This feature has been shown to be vastly superior to ordinary thesauri for
enhancing queries.
Back
to TOC >>
An Example Topic
The remainder of this document will use examples to illustrate features of
the LexisNexis system. All of the examples are based on a single topic. The
following topic was used for the TREC conference. It was randomly selected as an
example topic for this paper.
What research is ongoing to reduce the effects of osteoporosis in existing
patients as well as prevent the disease occurring in those unafflicted at this
time?
Customer service personnel from LexisNexis participated in a boolean
experiment for this topic as expert boolean searchers. The search they
constructed was:
research! Or stud! Or analy! Or test! Or experiment! Or exam! Or inqu! W/25
osteoporosis
This boolean search was the result of 25 minutes of work and was the eleventh
search constructed. This search returned 32 answers from the TREC collection, 20
of which were assessed as relevant. The assessors found a total of 36 relevant
documents for the topic within the collection. The precision for the boolean
search was 63%, and recall was 56%.
By contrast, the Freestyle search below obtained 19 relevant documents within
the top 32, 5 of which were not in the boolean answer set. It took less than 2
minutes to construct and run the search. The Freestyle search had a total of 25
relevant documents in the top 50 answers, with 8 answers which were not in the
boolean answer set. There were a total of 32 relevant documents in the top 100
answers, with 14 answers which were not in the boolean answer set. The boolean
answer set had 2 documents which were not in the Freestyle answer set, and there
were 2 relevant documents in the collection that neither search located.
Back
to TOC >>
When To Use Freestyle
Freestyle is not a replacement for boolean searching. Freestyle supplements
boolean searching, allowing the expert searcher to use another tool to locate
the desired information in an efficient manner. There are times when it is
appropriate to use either boolean or Freestyle, and times when both methods may
be used together.
Back
to TOC >>
When Boolean is Better
Certain retrieval problems work much better in boolean than they do in Freestyle.

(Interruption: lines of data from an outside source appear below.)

Lemma far_match_of_same_colour p (f : vertex -> nat) u w :
  (forall u v, u <> v -> hex_dist u v <= 2*p -> f u <> f v) ->
  hex_norm (fst u) (snd u) = p + 1 -> hex_norm (fst w) (snd w) <= p -> f u = f w ->
  far_match p f u w.
Proof.
  intros Hcol Hu Hw E.
  assert (Hfar : 2*p < hex_dist u w).
  { apply Z.nle_gt. intro Hle. refine (Hcol u w _ Hle E). intros <-. lia. }
  pose proof (hex_dist_triangle u (0, 0) w) as Htri.
  rewrite (hex_dist_sym u (0, 0)), !hex_dist_origin in Htri.
  repeat split; [lia | exact E | exact Hfar].
Qed.

Lemma sphere_colour_escapes_at_origin p (f : vertex -> nat) : 3 <= p ->
  (forall u v, u <> v -> hex_dist u v <= 2*p -> f u <> f v) ->
  exists u, hex_norm (fst u) (snd u) = p + 1 /\
    forall w, hex_norm (fst w) (snd w) <= p -> f u <> f w.
Proof.
  intros Hp Hcol. apply NNPP. intro Hno.
  set (m := (p + 1) / 2); set (r := (p + 1) mod 2).
  assert (Hmr : p = 2*m + r - 1 /\ 2 <= m /\ (r = 0 \/ r = 1))
    by (unfold m, r; clear -Hp; parity_lia).
  destruct Hmr as [Hpmr [Hm Hr]]. clearbody m r. subst p.
  destruct (functional_choice (fun u w => sphere_config m r u -> far_match (2*m+r-1) f u w))
    as [W HW].
  { intro u. destruct (classic (sphere_config m r u)) as [Hu|Hu]; [|exists u; tauto].
    assert (Hnorm : hex_norm (fst u) (snd u) = 2*m+r-1 + 1)
      by (rewrite (sphere_config_norm m r u Hm Hr Hu); lia).
    destruct (classic (exists w, hex_norm (fst w) (snd w) <= 2*m+r-1 /\ f u = f w))
      as [[w [Hw E]]|Hnone].
    - exists w. intros _. exact (far_match_of_same_colour _ f u w Hcol Hnorm Hw E).
    - exfalso. apply Hno. exists u. split; [exact Hnorm|].
      intros w Hw E. apply Hnone. exists w. auto. }
  exact (no_far_matching m r f W Hm Hr Hcol HW).
Qed.

Theorem theorem1 (p : nat) (x : vertex) (n : nat) (f : vertex -> nat) :
  (3 <= p)%nat ->
  right_vertex x ->
  distance_coloring (2 * p) n f ->
  exists u : vertex,
    dist_eq x u (p + 1) /\
    (forall w : vertex, dist_le w x p -> f u <> f w).
Proof.
  intros Hp Hx [_ Hcol].
  destruct (sphere_colour_escapes_at_origin (Z.of_nat p) (fun u => f (shift x u)))
    as [u [Hu Hesc]]; [lia| |].
  - intros u v Hne Hd. apply Hcol; [intro E; exact (Hne (shift_inj x u v E))|].
    apply dist_le_iff_hex_dist. rewrite hex_dist_shift by exact Hx. lia.
  - exists (shift x u). split.
    + apply dist_eq_of_hex_dist. rewrite hex_dist_from_right by exact Hx. cbn.
      replace (fst x + fst u - fst x) with (fst u) by lia.
      replace (snd x + snd u - snd x) with (snd u) by lia. lia.
    + intros w Hw. apply dist_le_iff_hex_dist in Hw. rewrite hex_dist_sym, hex_dist_from_right in Hw by exact Hx.
      replace w with (shift x (fst w - fst x, snd w - snd x))
        by (unfold shift; cbn; destruct w; cbn; f_equal; lia).
      apply Hesc. cbn. exact Hw.
Qed.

Boolean allows for a more specific definition of a search. When searching
public records or other structured material, boolean allows for a more specific
definition of names and provides superior results when used by a skilled
searcher.
Boolean also allows a skilled searcher to find every mention of a specific
name.
Boolean allows the use of universal characters, and many connectors not
supported by Freestyle. When these features are needed, boolean must be used.
Back
to TOC >>
Concept Searching
Freestyle provides an easier method of search for general concepts such as:
"What are the benefits of pets to the elderly?" A topic such as this
can be entered as is to Freestyle, whereas a boolean search may be difficult to
construct.
This is especially true when researching an unfamiliar topic. Freestyle can
usually bring back a relevant document ranked high in the answer set where it is
quickly found, even with a relatively weak search description. By contrast, a
weak boolean search would return a very large number of answers where the same
document is somewhere in the large set, but necessarily near the front.
Back
to TOC >>
Ensuring Maximum Coverage
Many times it is not sufficient to find some of the material about a topic -
all of the material must be found. In a system with as much material as LexisNexis, this is nearly an impossible task. One method to enhance your
overall recall is to search using both multiple searches, and multiple search
methods. Because Freestyle differs from boolean in its retrieval method, it
often times finds relevant documents that boolean searches do not find. This is
especially true when the Freestyle search contains terminology that is not
present in the boolean searches. As shown in the example topic, the Freestyle search retrieved many documents missed by the boolean search.
Back
to TOC >>
Statistical Tools for Boolean Searches
Statistical tools can help the boolean searcher. Tools are available to help
select search terms, browse answers, and find results where a boolean search has
failed.
Back
to TOC >>
Good Search Terms
The key to a successful search is using the right terminology. Without the
right terms, a search will not retrieve the right material, or will retrieve too
much non-relevant material. Selecting the right terms can be a difficult task,
especially in topic areas unfamiliar to the searcher.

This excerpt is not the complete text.